▸ **Problem requirements**:
Pull out each line of the records holding the string "Ssec".

-- Data for review follows --

(* The chosen sections compose to a section [sg1 \o sg2] for [G o F], so by rigidity
   both sides are [alpha \o xi] precomposed with equivalent sections. *)
Lemma SdMor_Fcomp (C D E : Cat) (F : Functor C D) (G : Functor D E) (X Y : Simplex C)
    xi sg sg1 sg2 : is_simplex X -> is_simplex Y -> is_mor X Y xi ->
  sd_section (Fcomp G F) X sg -> sd_section F X sg1 ->
  sd_section G (rS (fmapS F X)) sg2 ->
  sim (rS (fmapS (Fcomp G F) X)) (rS (fmapS (Fcomp G F) Y))
      (SdMor (Fcomp G F) Y xi sg) (SdMor G (rS (fmapS F Y)) (SdMor F Y xi sg1) sg2).
Proof.
rewrite !sd_sectionE => HX HY M S S1 S2.
have HW := fmapS_simplex (Fcomp G F) HX.
have Ssec : sim (rS (fmapS (Fcomp G F) X)) (fmapS (Fcomp G F) X) sg (sg1 \o sg2).
  apply: sim_of_alpha_eq => //.
  - exact: is_mor_section.
  - have MS1 := is_mor_section (fmapS_simplex F HX) S1.
    have MS2 := is_mor_section (fmapS_simplex G (rS_simplex (fmapS_simplex F HX))) S2.
    by have := is_mor_comp MS2 (is_mor_fmapS G MS1); rewrite rS_fmapS_rS fmapS_comp.
  - move=> j hj; have [[_ b2] h2] := S2.
    have hj' : j <= dim (rS (fmapS G (rS (fmapS F X)))) by rewrite -Sd_comp_ob.
    rewrite (proj2 S) //= fmapS_comp -alpha_fmapS_rS (proj2 S1) ?h2 //.
    by move: (b2 j hj'); rewrite dim_fmapS.
have Mxi := is_mor_fmapS (Fcomp G F) M.
apply: (sim_extl (sim_extr (sim_postcomp (sim_postcomp Ssec Mxi)
  (is_mor_alpha (fmapS_simplex (Fcomp G F) HY))) _)) => // i hi /=.
by rewrite /SdMor fmapS_comp -alpha_fmapS_rS.
Qed.

Theorem lemma23 :
  (forall (C D : Cat) (F : Functor C D),
     (forall X : Simplex C, nondeg X -> nondeg (rS (fmapS F X))) /\
     (forall X : Simplex C, nondeg X -> exists sg, sd_section F X sg) /\
     (forall (X Y : Simplex C) (xi sg : nat -> nat),
        nondeg X -> nondeg Y -> is_mor X Y xi -> sd_section F X sg ->
        is_mor (rS (fmapS F X)) (rS (fmapS F Y)) (SdMor F Y xi sg)) /\
     (forall (X Y : Simplex C) (xi xi' sg sg' : nat -> nat),
        nondeg X -> nondeg Y -> sim X Y xi xi' ->
        sd_section F X sg -> sd_section F X sg' ->
        sim (rS (fmapS F X)) (rS (fmapS F Y)) (SdMor F Y xi sg) (SdMor F Y xi' sg')) /\
     (forall (X : Simplex C) (sg : nat -> nat),
        nondeg X -> sd_section F X sg ->
        sim (rS (fmapS F X)) (rS (fmapS F X)) (SdMor F X (fun i => i) sg) (fun i => i)) /\
     (forall (X Y Z : Simplex C) (xi eta sgX sgY : nat -> nat),
        nondeg X -> nondeg Y -> nondeg Z -> is_mor X Y xi -> is_mor Y Z eta ->
        sd_section F X sgX -> sd_section F Y sgY ->
        sim (rS (fmapS F X)) (rS (fmapS F Z))
            (SdMor F Z (eta \o xi) sgX) (SdMor F Z eta sgY \o SdMor F Y xi sgX)))
  /\
  (forall C : Cat,
     (forall X : Simplex C, nondeg X -> rS (fmapS (Fid C) X) = X) /\
     (forall (X Y : Simplex C) (xi sg : nat -> nat),
        nondeg X -> nondeg Y -> is_mor X Y xi -> sd_section (Fid C) X sg ->
        sim X Y (SdMor (Fid C) Y xi sg) xi))
  /\
  (forall (C D E : Cat) (F : Functor C D) (G : Functor D E),
     (forall X : Simplex C, nondeg X ->
        rS (fmapS (Fcomp G F) X) = rS (fmapS G (rS (fmapS F X)))) /\
     (forall (X Y : Simplex C) (xi sg sg1 sg2 : nat -> nat),
        nondeg X -> nondeg Y -> is_mor X Y xi ->
        sd_section (Fcomp G F) X sg -> sd_section F X sg1 ->
        sd_section G (rS (fmapS F X)) sg2 ->
        sim (rS (fmapS (Fcomp G F) X)) (rS (fmapS (Fcomp G F) Y))
            (SdMor (Fcomp G F) Y xi sg)
            (SdMor G (rS (fmapS F Y)) (SdMor F Y xi sg1) sg2))).
Proof.
split; [|split].
- move=> C D F; refine (conj _ (conj _ (conj _ (conj _ (conj _ _))))).
  + by move=> X [HX _]; exact: Sd_ob.
  + by move=> X _; exact: sd_section_exists.
  + by move=> X Y xi sg [HX _] _; exact: is_mor_SdMor.
  + by move=> X Y xi xi' sg sg' [HX _] [HY _]; exact: SdMor_sim.
  + by move=> X sg [HX _]; exact: SdMor_id.
  + by move=> X Y Z xi eta sgX sgY [HX _] [HY _] [HZ _]; exact: SdMor_comp.
- by move=> C; split; [exact: Sd_id_ob | exact: SdMor_Fid].
- move=> C D E F G; split=> [X _|X Y xi sg sg1 sg2 [HX _] [HY _]]; first exact: Sd_comp_ob.
  exact: SdMor_Fcomp.
Qed.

-- Data for review concluded --

▸ **Finished exercise**:
have Ssec : sim (rS (fmapS (Fcomp G F) X)) (fmapS (Fcomp G F) X) sg (sg1 \o sg2).
apply: (sim_extl (sim_extr (sim_postcomp (sim_postcomp Ssec Mxi)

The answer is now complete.